1.5 Data Quality After Cleaning
After the cleaning process, we verify that the data quality has improved and document any remaining limitations.

In [None]:
# Check remaining missing values
print("Remaining missing values:")
print(df.isnull().sum())

In [None]:
# Display descriptive statistics of cleaned data
print("\nDescriptive statistics after cleaning:")
df[['Quantity', 'UnitPrice', 'TotalPrice']].describe()

Limitations and Notes:
Missing CustomerID: Approximately 25% of records still have missing CustomerID values. This limits our ability to perform customer-level analysis (e.g., customer lifetime value, retention analysis) for these transactions. However, we retain these records as they are still valuable for product and country-level analysis.
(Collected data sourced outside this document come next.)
Lemma conv_hull0_pos_comb (T : eqType) (P : set T) (p : T -> V) (w : T -> R)
    (s : seq T) :
  s != [::] -> (forall t, t \in s -> P t /\ 0 < w t) ->
  \sum_(t <- s) w t *: p t = 0 -> conv_hull [set p t | t in P] 0.
Proof.
move=> sn Ps sum0.
have S0 : 0 < \sum_(t <- s) w t.
  case: s sn Ps {sum0} => // t0 s _ Ps; rewrite big_cons.
  apply: (lt_le_trans (Ps t0 (mem_head _ _)).2); rewrite lerDl big_seq.
  by apply: sumr_ge0 => t ts; rewrite ltW // (Ps t _).2 // inE ts orbT.
set S := \sum_(t <- s) w t in S0.
set r_ := tnth (in_tuple s).
have Pr i : P (r_ i) /\ 0 < w (r_ i) by apply: Ps; exact: mem_tnth.
have sum_tnth (U : nmodType) (F : T -> U) :
    \sum_(i < size s) F (r_ i) = \sum_(t <- s) F t.
  by rewrite (big_tnth _ _ s).
exists (size s), (fun i => p (r_ i)), (fun i => w (r_ i) / S); split.
- by move=> i; exists (r_ i); first exact: (Pr i).1.
- by move=> i; rewrite divr_ge0 ?ltW // (Pr i).2.
- by rewrite -mulr_suml sum_tnth mulfV // gt_eqF.
- under eq_bigr do rewrite mulrC -scalerA.
  by rewrite -scaler_sumr (sum_tnth _ (fun t => w t *: p t)) sum0 scaler0.
Qed.

Lemma conv_hull0_not_below (S : set V) x :
  conv_hull S 0 -> ~ (forall nu, S nu -> dotv x nu < 0).
Proof.
move=> [m [p [w [Sp w0 w1 E]]]] below.
have [[i wi]|nw] := pselect (exists i, w i != 0); last first.
  move: w1; rewrite big1; first by move/eqP; rewrite eq_sym oner_eq0.
  by move=> i _; apply/eqP/negPn/negP => wi; apply: nw; exists i.
have : dotv x 0 = \sum_i w i * dotv x (p i) by rewrite E dotv_sumr.
rewrite dotv0r (bigD1 i) //=.
have wp : 0 < w i by rewrite lt_def wi w0.
have h1 : w i * dotv x (p i) < 0 by rewrite pmulr_rlt0 // below.
have h2 : \sum_(j | j != i) w j * dotv x (p j) <= 0.
  by apply: sumr_le0 => j _; rewrite mulr_ge0_le0 // ltW // below.
lra.
Qed.

End InnerProduct.

Section RealFunctions.
Variable R : realType.

Lemma near_at_right0 (P : R -> Prop) :
  (exists2 d : R, 0 < d & forall h, 0 < h < d -> P h) -> \forall h \near 0^'+, P h.
Proof.
move=> [d d0 Pd]; apply/nbhs_ballP; exists d => // h /= hd h0.
apply: Pd; rewrite h0 /=.
by move: hd; rewrite /ball /= sub0r normrN gtr0_norm.
Qed.

Lemma near_at_left0 (P : R -> Prop) :
  (exists2 d : R, 0 < d & forall h, - d < h < 0 -> P h) -> \forall h \near 0^'-, P h.
Proof.
move=> [d d0 Pd]; apply/nbhs_ballP; exists d => // h /= hd h0.
apply: Pd; rewrite h0 andbT.
by move: hd; rewrite /ball /= sub0r normrN ltr0_norm // ltrNl.
Qed.
(* Let $n\ge1$ be an integer, $I,\Lambda$ non-empty sets, $P$ a $\Lambda\times I$ matrix with entries in $\mathbb{Z}_{n}\cup\{\mathbf{0}\}$, and $S=M^{0}[\mathbb{Z}_{n};I,\Lambda;P]$. Let $A$ be a finite alphabet, $\varphi:A\to S$ any map, and $\bar\varphi:A^{+}\to S$ its unique extension to a semigroup morphism. Then the language $\mathbf{0}\bar\varphi^{-1}\subseteq A^{+}$ has generalised star-height $0$.
   Context: $\mathbb{Z}_n$ is the cyclic group of order $n$ written additively. For a group $G$, non-empty sets $I,\Lambda$ and a $\Lambda\times I$ matrix $P=(p_{\lambda i})$ with entries in $G\cup\{\mathbf{0}\}$ ($\mathbf{0}$ a new symbol), the Rees zero-matrix semigroup $M^{0}[G;I,\Lambda;P]$ is $(I\times G\times\Lambda)\cup\{\mathbf{0}\}$ with $(i,g,\lambda)(j,h,\mu)=(i,g\,p_{\lambda j}\,h,\mu)$ if $p_{\lambda j}\ne\mathbf{0}$, $=\mathbf{0}$ if $p_{\lambda j}=\mathbf{0}$, and $x\mathbf{0}=\mathbf{0}x=\mathbf{0}$. Generalised regular expressions over $A$: $\emptyset$, $\varepsilon$ and each letter are expressions; if $E,F$ are expressions so are $E\cup F$, $EF$, $E^{\ast}$, $E^{c}$ (complement in $A^{\ast}$). Star-height: $h(\emptyset)=h(\varepsilon)=h(a)=0$, $h(E\cup F)=h(EF)=\max\{h(E),h(F)\}$, $h(E^{\ast})=h(E)+1$, $h(E^{c})=h(E)$; the star-height of a language is the minimum of $h(E)$ over expressions $E$ representing it. *)

From mathcomp Require Import all_boot all_order all_algebra.
Set Implicit Arguments. Unset Strict Implicit. Unset Printing Implicit Defensive.
Import GRing.Theory.
Local Open Scope ring_scope.

(* ---------- Rees zero-matrix semigroup M^0[G; I, Lambda; P] over an
   additively written group G (zmodType).  The zero element 0 is None. *)
Definition rees (G : zmodType) (I L : Type) : Type := option (I * G * L).

Definition rees_mul (G : zmodType) (I L : Type) (P : L -> I -> option G)
  (x y : rees G I L) : rees G I L :=
  match x, y with
  | Some (i, g, l), Some (j, h, m) =>
      match P l j with
      | Some p => Some (i, g + p + h, m)
      | None => None
      end
  | _, _ => None
  end.

Definition rees_ext (G : zmodType) (I L : Type) (P : L -> I -> option G)
  (A : Type) (phi : A -> rees G I L) (a : A) (w : seq A) : rees G I L :=
  foldl (fun s b => rees_mul P s (phi b)) (phi a) w.

(* The language 0 phibar^{-1} subset of A^+ (seen inside A^* ). *)
Definition zero_preimage (G : zmodType) (I L : Type) (P : L -> I -> option G)
  (A : Type) (phi : A -> rees G I L) (w : seq A) : Prop :=
  match w with
  | [::] => False
  | a :: w' => rees_ext P phi a w' = None
  end.

Inductive gre (A : Type) : Type :=
  | GEmpty : gre A
  | GEps : gre A
  | GLetter : A -> gre A
  | GUnion : gre A -> gre A -> gre A
  | GConcat : gre A -> gre A -> gre A
  | GStar : gre A -> gre A
  | GCompl : gre A -> gre A.

Inductive star_lang (A : Type) (Lg : seq A -> Prop) : seq A -> Prop :=
  | star_nil : star_lang Lg [::]
  | star_cons u v : Lg u -> star_lang Lg v -> star_lang Lg (u ++ v).

Fixpoint gre_lang (A : Type) (E : gre A) : seq A -> Prop :=
  match E with
  | GEmpty => fun _ => False
  | GEps => fun w => w = [::]
  | GLetter a => fun w => w = [:: a]
  | GUnion E F => fun w => gre_lang E w \/ gre_lang F w
  | GConcat E F => fun w => exists u v, w = u ++ v /\ gre_lang E u /\ gre_lang F v
  | GStar E => star_lang (gre_lang E)
  | GCompl E => fun w => ~ gre_lang E w
  end.

Fixpoint star_height (A : Type) (E : gre A) : nat :=
  match E with
  | GEmpty | GEps | GLetter _ => 0%N
  | GUnion E F | GConcat E F => maxn (star_height E) (star_height F)
  | GStar E => (star_height E).+1
  | GCompl E => star_height E
  end.

(* A language has generalised star-height 0 iff some expression of height 0
   represents it (the minimum of heights is 0). *)
Definition gen_star_height0 (A : Type) (Lg : seq A -> Prop) : Prop :=
  exists E : gre A, star_height E = 0%N /\ forall w, gre_lang E w <-> Lg w.

From mathcomp Require Import all_boot all_order all_algebra.
From Stdlib Require Import Setoid.
Set Implicit Arguments. Unset Strict Implicit. Unset Printing Implicit Defensive.

(* A product x_1 ... x_k in a Rees zero-matrix semigroup is zero exactly when
   some x_i is zero or some adjacent product x_i x_(i+1) is zero: a non-zero
   product x y has the row of x and the column of y, so whether it is killed by
   a further factor z depends on y alone.  Hence the zero language is a finite
   union of languages A^* a A^* and A^* a b A^*, each written with complement
   and concatenation only (A^* being the complement of the empty language). *)

Definition has_adjacent (T : Type) (r : T -> T -> bool) (s : seq T) : bool :=
  has (fun p => r p.1 p.2) (zip s (behead s)).

Lemma has_adjacentP (T : Type) (r : T -> T -> bool) (s : seq T) :
  reflect (exists u a b v, s = u ++ [:: a, b & v] /\ r a b) (has_adjacent r s).
Proof.
apply: (iffP idP).
- elim: s => [|x [|y s] IH] //= /orP[rxy | /IH[u [a [b [v [-> rab]]]]]].
  + by exists [::], x, y, s.
  + by exists (x :: u), a, b, v.
- move=> [u [a [b [v [-> rab]]]]]; rewrite /has_adjacent.
  elim: u => [|x u IH] /=; first by rewrite rab.
  by case: u IH => [|y u] /= ->; rewrite orbT.
Qed.

Lemma has_adjacent_cons2 (T : Type) (r : T -> T -> bool) x y s :
  has_adjacent r [:: x, y & s] = r x y || has_adjacent r (y :: s).
Proof. by []. Qed.

Lemma has_adjacent_map (T U : Type) (f : T -> U) (r : U -> U -> bool) (s : seq T) :
  has_adjacent r (map f s) = has_adjacent (fun a b => r (f a) (f b)) s.
Proof. by rewrite /has_adjacent; elim: s => [|x [|y s] IH] //=; rewrite IH. Qed.

Section StarFree.
Variable A : Type.

Definition gre_full : gre A := GCompl (GEmpty A).

Definition gre_factor (E : gre A) : gre A := GConcat gre_full (GConcat E gre_full).

Definition gre_bigU (X : Type) (s : seq X) (f : X -> gre A) : gre A :=
  foldr (fun x E => GUnion (f x) E) (GEmpty A) s.

Lemma gre_lang_factor (E : gre A) (w : seq A) :
  gre_lang (gre_factor E) w <-> exists u z v, w = u ++ z ++ v /\ gre_lang E z.
Proof.
split=> [[u [_ [-> [_ [z [v [-> [Ez _]]]]]]]] | [u [z [v [-> Ez]]]]].
  by exists u, z, v.
by exists u, (z ++ v); split; [|split; [case | exists z, v; split; [|split; [|case]]]].
Qed.

Lemma gre_lang_bigU (X : eqType) (s : seq X) (f : X -> gre A) (w : seq A) :
  gre_lang (gre_bigU s f) w <-> exists2 x, x \in s & gre_lang (f x) w.
Proof.
elim: s => [|y s IH] /=; first by split=> // [[]].
rewrite IH; split=> [[fy | [x xs fx]] | [x]].
- by exists y; rewrite ?mem_head.
- by exists x; rewrite // in_cons xs orbT.
- by rewrite in_cons => /orP[/eqP-> | xs] fx; [left | right; exists x].
Qed.

Lemma star_height_bigU (X : Type) (s : seq X) (f : X -> gre A) :
  (forall x, star_height (f x) = 0%N) -> star_height (gre_bigU s f) = 0%N.
Proof. by move=> f0; elim: s => //= x s ->; rewrite f0. Qed.

End StarFree.

Section FiniteAlphabet.
Variable A : finType.

Definition gre_has (q : pred A) : gre A :=
  gre_factor (gre_bigU [seq a <- enum A | q a] (@GLetter A)).

Definition gre_has_adjacent (r : rel A) : gre A :=
  gre_factor (gre_bigU [seq p <- enum {: A * A} | r p.1 p.2]
                       (fun p => GConcat (GLetter p.1) (GLetter p.2))).

Lemma gre_lang_has (q : pred A) (w : seq A) : gre_lang (gre_has q) w <-> has q w.
Proof.
rewrite gre_lang_factor; split.
- move=> [u [z [v [-> /gre_lang_bigU[a]]]]]; rewrite mem_filter => /andP[qa _] /= ->.
  by rewrite has_cat /= qa orbT.
- move=> /hasP[a /splitPr[u v] qa]; exists u, [:: a], v; split=> //.
  by apply/gre_lang_bigU; exists a; rewrite // mem_filter qa mem_enum.
Qed.

Lemma gre_lang_has_adjacent (r : rel A) (w : seq A) :
  gre_lang (gre_has_adjacent r) w <-> has_adjacent r w.
Proof.
rewrite gre_lang_factor; split.
- move=> [u [z [v [-> /gre_lang_bigU[[a b]]]]]].
  rewrite mem_filter => /andP[rab _] [_ [_ [-> [/= -> ->]]]].
  by apply/has_adjacentP; exists u, a, b, v.
- move=> /has_adjacentP[u [a [b [v [-> rab]]]]]; exists u, [:: a; b], v.
  split=> //; apply/gre_lang_bigU; exists (a, b); first by rewrite mem_filter rab mem_enum.
  by exists [:: a], [:: b].
Qed.

End FiniteAlphabet.

Section ReesZero.
Variables (G : zmodType) (I L : Type) (P : L -> I -> option G).

Local Notation mul := (rees_mul P).

Definition rees_is_zero (x : rees G I L) : bool := if x is None then true else false.
Arguments rees_is_zero : simpl never.

Definition rees_zero_pattern (s : seq (rees G I L)) : bool :=
  has rees_is_zero s || has_adjacent (fun x y => rees_is_zero (mul x y)) s.

Lemma rees_is_zero_mul x y :
  rees_is_zero x || rees_is_zero y -> rees_is_zero (mul x y).
Proof. by case: x y => [[[? ?] ?]|] [[[? ?] ?]|]. Qed.

Lemma rees_is_zero_mul_column x y z : ~~ rees_is_zero (mul x y) ->
  rees_is_zero (mul (mul x y) z) = rees_is_zero (mul y z).
Proof.
case: x => [[[i g] l]|] //; case: y => [[[j h] k]|] //=.
case: (P l j) => //= p _; case: z => [[[j' h'] k']|] //=.
by case: (P k j').
Qed.

Lemma rees_is_zero_foldl x s :
  rees_is_zero (foldl mul x s) = rees_zero_pattern (x :: s).
Proof.
elim: s x => [|y s IH] x; first by rewrite /rees_zero_pattern /= !orbF.
rewrite [foldl _ _ _]/= IH /rees_zero_pattern /= has_adjacent_cons2.
have [xy0 | xy_nz] := boolP (rees_is_zero (mul x y)); first by rewrite orbT.
have [x_nz y_nz] : ~~ rees_is_zero x /\ ~~ rees_is_zero y.
  by apply/norP; apply: contra xy_nz; apply: rees_is_zero_mul.
rewrite (negbTE x_nz) (negbTE y_nz) /=.
by case: s {IH} => [|z s] //; rewrite !has_adjacent_cons2 rees_is_zero_mul_column.
Qed.

Lemma rees_ext_foldl (A : Type) (phi : A -> rees G I L) a w :
  rees_ext P phi a w = foldl mul (phi a) (map phi w).
Proof. by rewrite /rees_ext; elim: w (phi a) => //= b w IH s; rewrite IH. Qed.

Lemma zero_preimage_pattern (A : Type) (phi : A -> rees G I L) w :
  zero_preimage P phi w <-> rees_zero_pattern (map phi w).
Proof.
case: w => [|a w] //=; rewrite rees_ext_foldl -map_cons -rees_is_zero_foldl.
by case: foldl.
Qed.

End ReesZero.

(* The witnesses i0, l0 are unused: the argument never needs I or L non-empty. *)
Theorem lemma3p1 (m : nat) (I L : Type) (i0 : I) (l0 : L)
  (P : L -> I -> option 'I_m.+1) (A : finType)
  (phi : A -> rees 'I_m.+1 I L) :
  gen_star_height0 (zero_preimage P phi).
Proof.
pose zero_letter := fun a => rees_is_zero (phi a).
pose zero_pair := fun a b => rees_is_zero (rees_mul P (phi a) (phi b)).
exists (GUnion (gre_has zero_letter) (gre_has_adjacent zero_pair)); split.
  by rewrite /= !star_height_bigU.
move=> w; rewrite zero_preimage_pattern /rees_zero_pattern has_map has_adjacent_map.
split.
- by case=> [/gre_lang_has | /gre_lang_has_adjacent] ?; apply/orP; [left | right].
- by case/orP=> [/gre_lang_has | /gre_lang_has_adjacent]; [left | right].
Qed.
Cancelled transactions excluded: By removing cancellations and returns, we focus on successful sales. However, this means we cannot analyze return patterns or cancellation reasons, which could be valuable for understanding customer satisfaction.

Data period: The analysis is limited to the time period covered in the dataset. Seasonal patterns and trends should be interpreted within this context.

Outliers retained: We have not removed statistical outliers (e.g., very large orders) as these may represent legitimate bulk purchases that are important for business analysis. However, they may affect some statistical measures.